**WORK ORDER:** Starting at the line below holding "destruct (seq_conv_dot _" and stopping at the line holding "apply le_INR; pose", print every line exactly, both ends included, and leave the rest out.

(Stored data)
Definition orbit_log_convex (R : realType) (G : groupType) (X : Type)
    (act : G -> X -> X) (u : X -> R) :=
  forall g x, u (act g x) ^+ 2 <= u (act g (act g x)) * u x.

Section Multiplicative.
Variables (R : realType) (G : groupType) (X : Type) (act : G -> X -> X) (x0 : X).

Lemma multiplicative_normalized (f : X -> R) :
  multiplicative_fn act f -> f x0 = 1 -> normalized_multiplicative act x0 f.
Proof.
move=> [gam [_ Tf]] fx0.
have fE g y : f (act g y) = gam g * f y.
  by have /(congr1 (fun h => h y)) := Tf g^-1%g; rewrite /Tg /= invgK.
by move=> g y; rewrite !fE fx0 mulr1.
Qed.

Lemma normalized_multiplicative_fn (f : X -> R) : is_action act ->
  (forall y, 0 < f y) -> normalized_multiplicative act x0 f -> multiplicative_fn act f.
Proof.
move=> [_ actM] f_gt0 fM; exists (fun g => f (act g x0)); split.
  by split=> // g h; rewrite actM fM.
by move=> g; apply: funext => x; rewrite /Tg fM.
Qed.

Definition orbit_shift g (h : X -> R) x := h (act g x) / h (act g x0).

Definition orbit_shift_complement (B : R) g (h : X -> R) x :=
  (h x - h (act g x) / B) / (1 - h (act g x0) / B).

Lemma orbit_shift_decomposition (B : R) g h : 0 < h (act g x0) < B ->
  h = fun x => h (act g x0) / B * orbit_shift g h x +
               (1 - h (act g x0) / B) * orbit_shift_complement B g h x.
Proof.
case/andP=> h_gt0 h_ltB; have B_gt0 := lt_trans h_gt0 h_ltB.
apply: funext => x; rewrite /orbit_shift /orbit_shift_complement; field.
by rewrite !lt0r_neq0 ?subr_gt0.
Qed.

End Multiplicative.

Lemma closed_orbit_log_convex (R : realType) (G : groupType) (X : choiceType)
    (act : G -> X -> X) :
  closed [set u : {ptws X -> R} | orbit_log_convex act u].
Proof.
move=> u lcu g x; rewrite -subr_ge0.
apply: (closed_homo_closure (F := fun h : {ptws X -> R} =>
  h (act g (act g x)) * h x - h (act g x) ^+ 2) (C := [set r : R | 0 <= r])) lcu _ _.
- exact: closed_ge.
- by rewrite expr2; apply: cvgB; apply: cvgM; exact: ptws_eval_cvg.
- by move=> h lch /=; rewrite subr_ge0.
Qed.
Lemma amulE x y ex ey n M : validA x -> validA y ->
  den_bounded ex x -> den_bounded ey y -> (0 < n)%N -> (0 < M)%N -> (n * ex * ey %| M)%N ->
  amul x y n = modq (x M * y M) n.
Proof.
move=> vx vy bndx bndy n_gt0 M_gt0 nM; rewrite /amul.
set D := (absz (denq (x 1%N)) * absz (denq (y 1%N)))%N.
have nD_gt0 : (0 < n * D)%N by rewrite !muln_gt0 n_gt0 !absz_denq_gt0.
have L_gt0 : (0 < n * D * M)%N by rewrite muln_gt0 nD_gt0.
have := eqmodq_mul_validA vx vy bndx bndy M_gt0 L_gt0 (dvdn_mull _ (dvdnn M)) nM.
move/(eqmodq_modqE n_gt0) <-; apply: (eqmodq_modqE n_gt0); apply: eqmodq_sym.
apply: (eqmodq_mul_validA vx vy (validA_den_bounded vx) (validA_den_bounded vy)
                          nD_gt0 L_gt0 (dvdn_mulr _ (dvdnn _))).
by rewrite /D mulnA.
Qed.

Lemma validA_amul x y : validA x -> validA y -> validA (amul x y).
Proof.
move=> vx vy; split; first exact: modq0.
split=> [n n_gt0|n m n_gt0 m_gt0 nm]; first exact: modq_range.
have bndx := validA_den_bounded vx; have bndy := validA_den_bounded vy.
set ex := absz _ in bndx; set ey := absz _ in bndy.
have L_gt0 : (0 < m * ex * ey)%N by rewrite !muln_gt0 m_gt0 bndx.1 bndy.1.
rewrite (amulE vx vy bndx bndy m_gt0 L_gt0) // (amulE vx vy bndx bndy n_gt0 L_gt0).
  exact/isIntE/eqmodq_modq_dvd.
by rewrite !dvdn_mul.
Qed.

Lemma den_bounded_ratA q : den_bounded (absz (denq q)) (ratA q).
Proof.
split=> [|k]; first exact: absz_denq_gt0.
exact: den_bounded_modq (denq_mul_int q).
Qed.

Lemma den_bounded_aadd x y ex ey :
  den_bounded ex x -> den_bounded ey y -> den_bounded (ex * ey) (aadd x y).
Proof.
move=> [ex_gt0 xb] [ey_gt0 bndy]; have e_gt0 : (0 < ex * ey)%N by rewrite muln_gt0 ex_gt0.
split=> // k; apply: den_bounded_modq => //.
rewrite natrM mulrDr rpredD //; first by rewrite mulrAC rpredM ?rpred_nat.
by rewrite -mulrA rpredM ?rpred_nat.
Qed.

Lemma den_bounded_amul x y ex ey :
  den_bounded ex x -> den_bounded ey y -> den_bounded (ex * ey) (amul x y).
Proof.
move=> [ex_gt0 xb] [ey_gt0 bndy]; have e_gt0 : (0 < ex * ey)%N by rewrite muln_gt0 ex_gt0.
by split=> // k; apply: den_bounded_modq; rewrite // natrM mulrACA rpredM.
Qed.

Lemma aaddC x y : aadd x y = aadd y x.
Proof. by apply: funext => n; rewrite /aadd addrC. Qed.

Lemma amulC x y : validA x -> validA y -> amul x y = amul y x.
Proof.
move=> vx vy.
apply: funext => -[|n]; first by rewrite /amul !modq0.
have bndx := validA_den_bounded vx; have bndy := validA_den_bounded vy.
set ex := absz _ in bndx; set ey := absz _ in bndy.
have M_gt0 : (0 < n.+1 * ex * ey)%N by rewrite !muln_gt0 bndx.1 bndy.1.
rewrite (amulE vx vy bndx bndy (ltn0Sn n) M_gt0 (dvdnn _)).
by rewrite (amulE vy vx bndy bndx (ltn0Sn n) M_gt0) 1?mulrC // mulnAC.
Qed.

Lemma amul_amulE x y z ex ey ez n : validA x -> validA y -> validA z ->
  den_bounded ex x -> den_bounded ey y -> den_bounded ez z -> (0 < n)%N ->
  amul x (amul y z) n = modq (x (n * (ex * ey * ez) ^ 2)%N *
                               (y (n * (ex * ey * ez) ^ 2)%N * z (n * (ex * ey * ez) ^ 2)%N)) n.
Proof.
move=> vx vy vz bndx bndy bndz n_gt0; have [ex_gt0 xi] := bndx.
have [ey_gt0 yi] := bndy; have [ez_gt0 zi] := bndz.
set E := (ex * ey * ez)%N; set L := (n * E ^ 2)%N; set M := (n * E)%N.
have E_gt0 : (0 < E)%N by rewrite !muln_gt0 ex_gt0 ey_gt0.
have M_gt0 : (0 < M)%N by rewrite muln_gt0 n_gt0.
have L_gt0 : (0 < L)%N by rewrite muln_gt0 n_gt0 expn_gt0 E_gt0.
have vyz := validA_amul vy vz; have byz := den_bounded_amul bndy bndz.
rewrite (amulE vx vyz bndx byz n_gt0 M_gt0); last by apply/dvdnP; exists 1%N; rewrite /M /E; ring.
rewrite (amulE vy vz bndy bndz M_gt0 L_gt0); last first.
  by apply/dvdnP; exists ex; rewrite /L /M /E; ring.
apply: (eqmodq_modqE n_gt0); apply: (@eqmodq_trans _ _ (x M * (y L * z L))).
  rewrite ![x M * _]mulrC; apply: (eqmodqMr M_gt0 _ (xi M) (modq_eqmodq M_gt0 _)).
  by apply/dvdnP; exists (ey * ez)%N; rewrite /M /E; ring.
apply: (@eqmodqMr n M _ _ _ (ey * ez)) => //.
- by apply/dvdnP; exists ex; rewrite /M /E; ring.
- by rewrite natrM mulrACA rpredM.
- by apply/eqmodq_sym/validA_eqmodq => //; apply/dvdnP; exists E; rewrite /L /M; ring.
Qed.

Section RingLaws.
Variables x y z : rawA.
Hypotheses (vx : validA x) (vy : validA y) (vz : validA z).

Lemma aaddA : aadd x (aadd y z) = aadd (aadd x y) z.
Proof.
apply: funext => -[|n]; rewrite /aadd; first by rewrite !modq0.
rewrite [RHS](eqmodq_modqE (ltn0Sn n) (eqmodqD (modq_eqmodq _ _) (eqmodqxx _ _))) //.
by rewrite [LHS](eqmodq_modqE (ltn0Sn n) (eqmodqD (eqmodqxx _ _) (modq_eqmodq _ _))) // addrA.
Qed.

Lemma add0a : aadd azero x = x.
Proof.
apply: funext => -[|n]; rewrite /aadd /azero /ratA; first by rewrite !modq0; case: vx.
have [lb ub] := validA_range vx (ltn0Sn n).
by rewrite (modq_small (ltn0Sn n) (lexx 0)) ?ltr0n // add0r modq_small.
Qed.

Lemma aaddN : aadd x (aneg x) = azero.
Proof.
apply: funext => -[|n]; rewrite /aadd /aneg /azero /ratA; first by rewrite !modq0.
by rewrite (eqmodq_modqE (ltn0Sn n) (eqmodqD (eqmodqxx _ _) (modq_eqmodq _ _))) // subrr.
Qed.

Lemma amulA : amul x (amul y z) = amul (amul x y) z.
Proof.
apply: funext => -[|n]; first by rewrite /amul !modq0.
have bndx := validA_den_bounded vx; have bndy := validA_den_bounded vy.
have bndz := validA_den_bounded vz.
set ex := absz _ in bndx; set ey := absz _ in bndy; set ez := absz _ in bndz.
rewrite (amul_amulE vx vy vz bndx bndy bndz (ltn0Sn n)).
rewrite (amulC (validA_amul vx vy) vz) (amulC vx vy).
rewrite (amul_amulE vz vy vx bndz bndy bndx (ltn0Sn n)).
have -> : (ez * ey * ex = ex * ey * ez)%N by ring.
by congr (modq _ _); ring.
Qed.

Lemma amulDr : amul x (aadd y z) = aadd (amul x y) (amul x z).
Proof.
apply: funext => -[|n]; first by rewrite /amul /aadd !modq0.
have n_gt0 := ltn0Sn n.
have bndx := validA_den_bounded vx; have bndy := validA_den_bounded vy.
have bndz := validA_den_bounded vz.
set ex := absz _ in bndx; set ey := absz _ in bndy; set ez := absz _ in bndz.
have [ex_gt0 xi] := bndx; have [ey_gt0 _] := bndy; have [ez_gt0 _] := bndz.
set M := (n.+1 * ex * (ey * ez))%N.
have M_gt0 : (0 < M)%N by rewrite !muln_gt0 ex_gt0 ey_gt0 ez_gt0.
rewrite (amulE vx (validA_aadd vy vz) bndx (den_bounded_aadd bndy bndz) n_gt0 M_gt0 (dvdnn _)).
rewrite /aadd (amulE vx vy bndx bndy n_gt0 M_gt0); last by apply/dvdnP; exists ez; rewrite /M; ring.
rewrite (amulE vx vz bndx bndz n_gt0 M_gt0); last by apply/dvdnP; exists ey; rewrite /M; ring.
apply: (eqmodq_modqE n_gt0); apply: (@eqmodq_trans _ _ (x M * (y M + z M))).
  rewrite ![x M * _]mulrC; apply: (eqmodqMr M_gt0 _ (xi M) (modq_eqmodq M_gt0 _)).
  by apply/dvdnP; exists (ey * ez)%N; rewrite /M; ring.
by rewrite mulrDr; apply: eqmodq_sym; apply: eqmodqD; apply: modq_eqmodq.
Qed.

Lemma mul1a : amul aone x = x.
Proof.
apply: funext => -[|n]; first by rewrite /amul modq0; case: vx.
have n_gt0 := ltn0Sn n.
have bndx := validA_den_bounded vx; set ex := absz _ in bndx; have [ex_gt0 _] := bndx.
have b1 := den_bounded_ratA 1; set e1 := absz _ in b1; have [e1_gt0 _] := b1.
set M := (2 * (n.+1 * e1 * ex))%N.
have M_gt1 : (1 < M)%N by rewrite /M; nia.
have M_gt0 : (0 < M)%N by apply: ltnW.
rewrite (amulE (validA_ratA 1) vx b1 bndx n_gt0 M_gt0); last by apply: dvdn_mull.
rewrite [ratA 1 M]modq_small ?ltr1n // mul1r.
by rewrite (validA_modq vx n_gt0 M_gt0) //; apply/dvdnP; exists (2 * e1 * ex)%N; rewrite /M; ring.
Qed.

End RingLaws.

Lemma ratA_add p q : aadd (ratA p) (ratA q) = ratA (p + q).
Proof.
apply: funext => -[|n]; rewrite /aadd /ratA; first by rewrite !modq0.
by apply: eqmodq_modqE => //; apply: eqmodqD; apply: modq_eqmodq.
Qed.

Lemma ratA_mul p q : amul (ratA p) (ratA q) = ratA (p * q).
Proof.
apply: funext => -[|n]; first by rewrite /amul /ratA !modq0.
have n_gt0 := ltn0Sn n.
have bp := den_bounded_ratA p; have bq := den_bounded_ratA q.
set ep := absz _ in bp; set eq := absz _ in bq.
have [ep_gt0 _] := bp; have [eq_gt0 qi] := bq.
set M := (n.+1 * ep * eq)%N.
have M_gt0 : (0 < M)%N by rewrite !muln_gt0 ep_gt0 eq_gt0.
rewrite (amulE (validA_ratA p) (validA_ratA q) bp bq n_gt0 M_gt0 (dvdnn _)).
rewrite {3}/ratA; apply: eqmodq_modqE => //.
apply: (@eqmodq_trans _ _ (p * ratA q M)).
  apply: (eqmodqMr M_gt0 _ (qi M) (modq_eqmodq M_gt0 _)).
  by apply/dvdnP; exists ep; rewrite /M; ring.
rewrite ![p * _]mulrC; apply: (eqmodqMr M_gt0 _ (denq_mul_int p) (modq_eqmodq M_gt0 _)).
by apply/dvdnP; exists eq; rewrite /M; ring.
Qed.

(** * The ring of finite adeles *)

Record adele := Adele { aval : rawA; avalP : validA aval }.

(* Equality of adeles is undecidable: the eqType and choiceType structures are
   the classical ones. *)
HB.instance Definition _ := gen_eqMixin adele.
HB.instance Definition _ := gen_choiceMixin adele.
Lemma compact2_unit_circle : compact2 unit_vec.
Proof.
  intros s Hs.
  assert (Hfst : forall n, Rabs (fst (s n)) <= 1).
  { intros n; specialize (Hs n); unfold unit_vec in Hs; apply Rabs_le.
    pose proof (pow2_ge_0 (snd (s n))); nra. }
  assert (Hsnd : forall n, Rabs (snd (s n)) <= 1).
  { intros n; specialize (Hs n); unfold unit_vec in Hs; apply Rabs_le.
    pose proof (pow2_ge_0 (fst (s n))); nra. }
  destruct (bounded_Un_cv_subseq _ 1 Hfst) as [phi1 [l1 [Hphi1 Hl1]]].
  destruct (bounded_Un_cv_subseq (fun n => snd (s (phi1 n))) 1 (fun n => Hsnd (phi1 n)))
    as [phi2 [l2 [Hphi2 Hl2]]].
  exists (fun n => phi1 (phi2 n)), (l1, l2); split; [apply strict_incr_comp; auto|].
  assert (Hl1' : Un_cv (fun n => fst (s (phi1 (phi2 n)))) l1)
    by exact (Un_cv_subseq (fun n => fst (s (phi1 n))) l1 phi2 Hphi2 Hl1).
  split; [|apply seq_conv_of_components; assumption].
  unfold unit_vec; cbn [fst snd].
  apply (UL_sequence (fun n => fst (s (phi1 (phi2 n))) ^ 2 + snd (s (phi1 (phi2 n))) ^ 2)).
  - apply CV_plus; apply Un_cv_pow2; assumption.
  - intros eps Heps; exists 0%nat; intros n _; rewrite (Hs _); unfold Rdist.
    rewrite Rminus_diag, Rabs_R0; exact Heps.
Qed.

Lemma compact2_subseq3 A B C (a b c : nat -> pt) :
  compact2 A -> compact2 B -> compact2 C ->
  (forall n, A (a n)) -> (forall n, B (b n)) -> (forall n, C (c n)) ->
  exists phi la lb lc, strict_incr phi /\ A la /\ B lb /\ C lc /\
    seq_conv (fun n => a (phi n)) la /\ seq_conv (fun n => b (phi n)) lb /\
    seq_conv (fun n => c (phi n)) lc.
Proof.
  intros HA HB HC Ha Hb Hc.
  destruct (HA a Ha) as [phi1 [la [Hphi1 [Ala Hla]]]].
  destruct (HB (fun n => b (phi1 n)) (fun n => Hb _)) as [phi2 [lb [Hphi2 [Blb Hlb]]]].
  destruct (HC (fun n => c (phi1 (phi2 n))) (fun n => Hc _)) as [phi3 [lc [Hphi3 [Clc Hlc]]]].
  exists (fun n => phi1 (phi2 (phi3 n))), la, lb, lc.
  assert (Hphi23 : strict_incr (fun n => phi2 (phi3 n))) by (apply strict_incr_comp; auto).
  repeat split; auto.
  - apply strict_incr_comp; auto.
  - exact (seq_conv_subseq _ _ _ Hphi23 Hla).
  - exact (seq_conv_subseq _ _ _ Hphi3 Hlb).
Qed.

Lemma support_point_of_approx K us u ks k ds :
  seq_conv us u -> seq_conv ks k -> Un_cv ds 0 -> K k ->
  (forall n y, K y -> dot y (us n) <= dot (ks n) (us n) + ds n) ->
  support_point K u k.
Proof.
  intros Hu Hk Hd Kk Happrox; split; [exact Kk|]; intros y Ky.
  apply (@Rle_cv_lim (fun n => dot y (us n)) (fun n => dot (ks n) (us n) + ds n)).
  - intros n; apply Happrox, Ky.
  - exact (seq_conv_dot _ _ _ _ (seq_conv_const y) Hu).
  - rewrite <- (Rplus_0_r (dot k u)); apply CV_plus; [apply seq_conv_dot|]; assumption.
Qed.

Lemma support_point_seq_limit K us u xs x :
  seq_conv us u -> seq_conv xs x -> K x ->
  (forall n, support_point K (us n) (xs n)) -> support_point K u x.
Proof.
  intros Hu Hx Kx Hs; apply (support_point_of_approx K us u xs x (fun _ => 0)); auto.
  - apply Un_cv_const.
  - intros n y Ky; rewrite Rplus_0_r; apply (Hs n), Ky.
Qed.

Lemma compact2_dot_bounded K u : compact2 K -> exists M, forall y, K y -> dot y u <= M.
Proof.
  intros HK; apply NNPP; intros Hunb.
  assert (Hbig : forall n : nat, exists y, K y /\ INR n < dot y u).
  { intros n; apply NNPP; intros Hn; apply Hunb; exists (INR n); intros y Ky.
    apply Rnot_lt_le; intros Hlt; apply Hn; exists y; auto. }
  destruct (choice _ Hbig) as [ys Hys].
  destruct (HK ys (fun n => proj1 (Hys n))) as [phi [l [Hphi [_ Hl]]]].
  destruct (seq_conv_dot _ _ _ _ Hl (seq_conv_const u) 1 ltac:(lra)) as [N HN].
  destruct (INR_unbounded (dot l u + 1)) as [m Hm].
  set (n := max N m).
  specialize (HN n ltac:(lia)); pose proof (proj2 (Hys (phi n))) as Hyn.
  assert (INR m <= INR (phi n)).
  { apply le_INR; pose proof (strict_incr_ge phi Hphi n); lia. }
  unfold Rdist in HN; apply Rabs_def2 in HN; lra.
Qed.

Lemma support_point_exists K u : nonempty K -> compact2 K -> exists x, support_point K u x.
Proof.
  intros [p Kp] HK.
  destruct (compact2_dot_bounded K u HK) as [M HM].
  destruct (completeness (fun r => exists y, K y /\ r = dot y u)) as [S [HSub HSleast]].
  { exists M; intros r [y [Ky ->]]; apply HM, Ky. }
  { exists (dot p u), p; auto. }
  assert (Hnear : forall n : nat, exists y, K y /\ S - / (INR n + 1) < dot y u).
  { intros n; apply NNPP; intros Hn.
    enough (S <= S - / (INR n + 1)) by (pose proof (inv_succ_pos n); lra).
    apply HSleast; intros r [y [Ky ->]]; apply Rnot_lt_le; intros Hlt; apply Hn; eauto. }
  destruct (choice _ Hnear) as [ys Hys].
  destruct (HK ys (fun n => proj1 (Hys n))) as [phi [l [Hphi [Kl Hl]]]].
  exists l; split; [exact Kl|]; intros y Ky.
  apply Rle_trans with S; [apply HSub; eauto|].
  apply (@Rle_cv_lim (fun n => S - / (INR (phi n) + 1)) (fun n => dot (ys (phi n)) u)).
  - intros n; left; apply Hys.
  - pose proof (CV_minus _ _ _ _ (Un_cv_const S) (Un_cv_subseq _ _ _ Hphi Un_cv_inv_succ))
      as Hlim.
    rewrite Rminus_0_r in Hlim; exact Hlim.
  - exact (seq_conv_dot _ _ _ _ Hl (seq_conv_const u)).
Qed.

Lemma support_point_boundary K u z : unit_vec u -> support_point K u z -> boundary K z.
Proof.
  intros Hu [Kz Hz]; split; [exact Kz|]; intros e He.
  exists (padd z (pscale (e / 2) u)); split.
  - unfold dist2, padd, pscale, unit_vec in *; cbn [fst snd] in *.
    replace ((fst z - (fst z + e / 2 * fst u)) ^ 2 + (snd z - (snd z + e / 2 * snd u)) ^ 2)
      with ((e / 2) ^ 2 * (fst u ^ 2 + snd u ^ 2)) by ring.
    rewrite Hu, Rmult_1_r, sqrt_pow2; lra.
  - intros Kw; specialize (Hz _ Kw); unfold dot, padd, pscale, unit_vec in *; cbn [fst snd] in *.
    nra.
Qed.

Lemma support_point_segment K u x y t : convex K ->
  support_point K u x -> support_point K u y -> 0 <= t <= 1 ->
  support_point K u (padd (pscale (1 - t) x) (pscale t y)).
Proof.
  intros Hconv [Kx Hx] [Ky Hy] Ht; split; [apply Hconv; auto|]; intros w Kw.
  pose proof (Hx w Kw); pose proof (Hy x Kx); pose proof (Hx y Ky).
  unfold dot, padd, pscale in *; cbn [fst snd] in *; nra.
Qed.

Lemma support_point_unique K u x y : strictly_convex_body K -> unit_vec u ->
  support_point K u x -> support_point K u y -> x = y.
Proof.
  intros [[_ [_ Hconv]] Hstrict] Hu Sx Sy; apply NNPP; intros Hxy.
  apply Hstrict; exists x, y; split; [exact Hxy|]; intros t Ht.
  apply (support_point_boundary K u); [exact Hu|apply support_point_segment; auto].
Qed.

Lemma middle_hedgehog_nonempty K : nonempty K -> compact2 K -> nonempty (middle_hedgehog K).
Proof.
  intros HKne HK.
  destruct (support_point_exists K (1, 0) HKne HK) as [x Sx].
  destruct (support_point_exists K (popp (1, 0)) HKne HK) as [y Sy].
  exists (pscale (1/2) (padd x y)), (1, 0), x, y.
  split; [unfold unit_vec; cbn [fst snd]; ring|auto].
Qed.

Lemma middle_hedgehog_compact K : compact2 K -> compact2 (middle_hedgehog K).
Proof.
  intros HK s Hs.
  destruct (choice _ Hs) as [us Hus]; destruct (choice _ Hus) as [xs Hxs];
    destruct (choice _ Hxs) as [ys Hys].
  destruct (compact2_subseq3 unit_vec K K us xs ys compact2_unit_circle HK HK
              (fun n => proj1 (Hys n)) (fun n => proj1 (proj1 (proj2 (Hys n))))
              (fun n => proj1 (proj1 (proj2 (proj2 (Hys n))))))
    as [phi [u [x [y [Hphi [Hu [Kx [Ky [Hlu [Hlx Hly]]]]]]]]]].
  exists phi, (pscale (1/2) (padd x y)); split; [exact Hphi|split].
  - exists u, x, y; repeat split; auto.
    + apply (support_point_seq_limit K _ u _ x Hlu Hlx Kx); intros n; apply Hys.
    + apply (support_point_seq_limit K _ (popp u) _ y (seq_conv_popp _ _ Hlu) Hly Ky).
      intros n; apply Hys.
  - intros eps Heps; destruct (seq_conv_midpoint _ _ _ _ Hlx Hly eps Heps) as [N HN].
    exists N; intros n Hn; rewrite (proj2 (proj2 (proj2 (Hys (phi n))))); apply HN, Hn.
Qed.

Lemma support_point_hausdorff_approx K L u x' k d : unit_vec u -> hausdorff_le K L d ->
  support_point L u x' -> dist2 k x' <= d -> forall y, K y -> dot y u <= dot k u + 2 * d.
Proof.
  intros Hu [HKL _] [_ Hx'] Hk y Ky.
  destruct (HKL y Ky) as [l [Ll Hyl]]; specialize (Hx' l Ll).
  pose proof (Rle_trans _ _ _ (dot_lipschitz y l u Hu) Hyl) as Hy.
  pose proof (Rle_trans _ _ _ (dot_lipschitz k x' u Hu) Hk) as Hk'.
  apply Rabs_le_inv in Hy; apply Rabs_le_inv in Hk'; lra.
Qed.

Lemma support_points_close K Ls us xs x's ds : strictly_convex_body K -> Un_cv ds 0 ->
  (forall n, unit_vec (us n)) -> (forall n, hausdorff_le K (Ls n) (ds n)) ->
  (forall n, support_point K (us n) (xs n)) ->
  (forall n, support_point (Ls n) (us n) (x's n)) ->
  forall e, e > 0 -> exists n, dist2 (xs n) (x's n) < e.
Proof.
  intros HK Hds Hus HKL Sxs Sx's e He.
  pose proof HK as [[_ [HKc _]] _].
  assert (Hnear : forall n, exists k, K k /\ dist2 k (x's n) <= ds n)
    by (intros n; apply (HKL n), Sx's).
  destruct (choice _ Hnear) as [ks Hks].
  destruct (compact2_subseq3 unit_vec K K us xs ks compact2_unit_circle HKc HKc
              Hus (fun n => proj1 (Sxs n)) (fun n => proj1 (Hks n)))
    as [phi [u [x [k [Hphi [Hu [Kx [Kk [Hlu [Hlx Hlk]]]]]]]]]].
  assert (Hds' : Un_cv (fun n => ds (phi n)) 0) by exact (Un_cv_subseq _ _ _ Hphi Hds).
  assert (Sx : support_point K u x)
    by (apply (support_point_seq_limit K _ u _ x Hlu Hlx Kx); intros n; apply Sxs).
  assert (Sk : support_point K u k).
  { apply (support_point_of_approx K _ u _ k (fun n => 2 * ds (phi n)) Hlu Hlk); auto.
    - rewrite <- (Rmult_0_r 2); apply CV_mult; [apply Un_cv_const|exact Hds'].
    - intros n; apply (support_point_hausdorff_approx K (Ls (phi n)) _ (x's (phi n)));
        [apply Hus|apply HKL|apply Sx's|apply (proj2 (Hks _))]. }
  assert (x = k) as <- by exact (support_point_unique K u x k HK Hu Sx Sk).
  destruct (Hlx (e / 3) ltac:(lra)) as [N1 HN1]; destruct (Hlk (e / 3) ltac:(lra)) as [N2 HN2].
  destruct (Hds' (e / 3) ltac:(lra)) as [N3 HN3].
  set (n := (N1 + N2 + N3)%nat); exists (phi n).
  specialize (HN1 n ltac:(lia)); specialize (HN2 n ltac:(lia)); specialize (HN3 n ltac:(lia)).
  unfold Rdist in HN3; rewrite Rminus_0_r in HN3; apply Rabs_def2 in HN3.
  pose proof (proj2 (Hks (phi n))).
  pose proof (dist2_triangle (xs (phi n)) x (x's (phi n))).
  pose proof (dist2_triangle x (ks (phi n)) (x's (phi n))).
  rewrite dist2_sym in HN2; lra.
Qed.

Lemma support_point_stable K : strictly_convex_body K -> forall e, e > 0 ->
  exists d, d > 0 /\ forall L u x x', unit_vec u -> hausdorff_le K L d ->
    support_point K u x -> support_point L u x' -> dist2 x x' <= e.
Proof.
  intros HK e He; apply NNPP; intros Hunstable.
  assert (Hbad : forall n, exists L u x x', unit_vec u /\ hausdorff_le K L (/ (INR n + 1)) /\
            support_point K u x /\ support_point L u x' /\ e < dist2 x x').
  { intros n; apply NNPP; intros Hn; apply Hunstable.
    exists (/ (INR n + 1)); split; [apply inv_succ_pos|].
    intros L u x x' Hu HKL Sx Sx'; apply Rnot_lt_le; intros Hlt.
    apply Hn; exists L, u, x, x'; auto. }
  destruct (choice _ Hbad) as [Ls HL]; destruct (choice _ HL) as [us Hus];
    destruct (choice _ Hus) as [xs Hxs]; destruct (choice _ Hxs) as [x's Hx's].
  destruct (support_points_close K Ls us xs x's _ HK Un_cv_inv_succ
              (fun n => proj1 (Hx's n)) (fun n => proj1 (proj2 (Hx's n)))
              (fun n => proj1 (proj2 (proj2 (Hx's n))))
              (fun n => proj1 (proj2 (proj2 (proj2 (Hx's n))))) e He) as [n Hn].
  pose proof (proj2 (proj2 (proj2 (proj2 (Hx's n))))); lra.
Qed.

**RESPONSE BELOW:**
  destruct (seq_conv_dot _ _ _ _ Hl (seq_conv_const u) 1 ltac:(lra)) as [N HN].
  destruct (INR_unbounded (dot l u + 1)) as [m Hm].
  set (n := max N m).
  specialize (HN n ltac:(lia)); pose proof (proj2 (Hys (phi n))) as Hyn.
  assert (INR m <= INR (phi n)).
  { apply le_INR; pose proof (strict_incr_ge phi Hphi n); lia. }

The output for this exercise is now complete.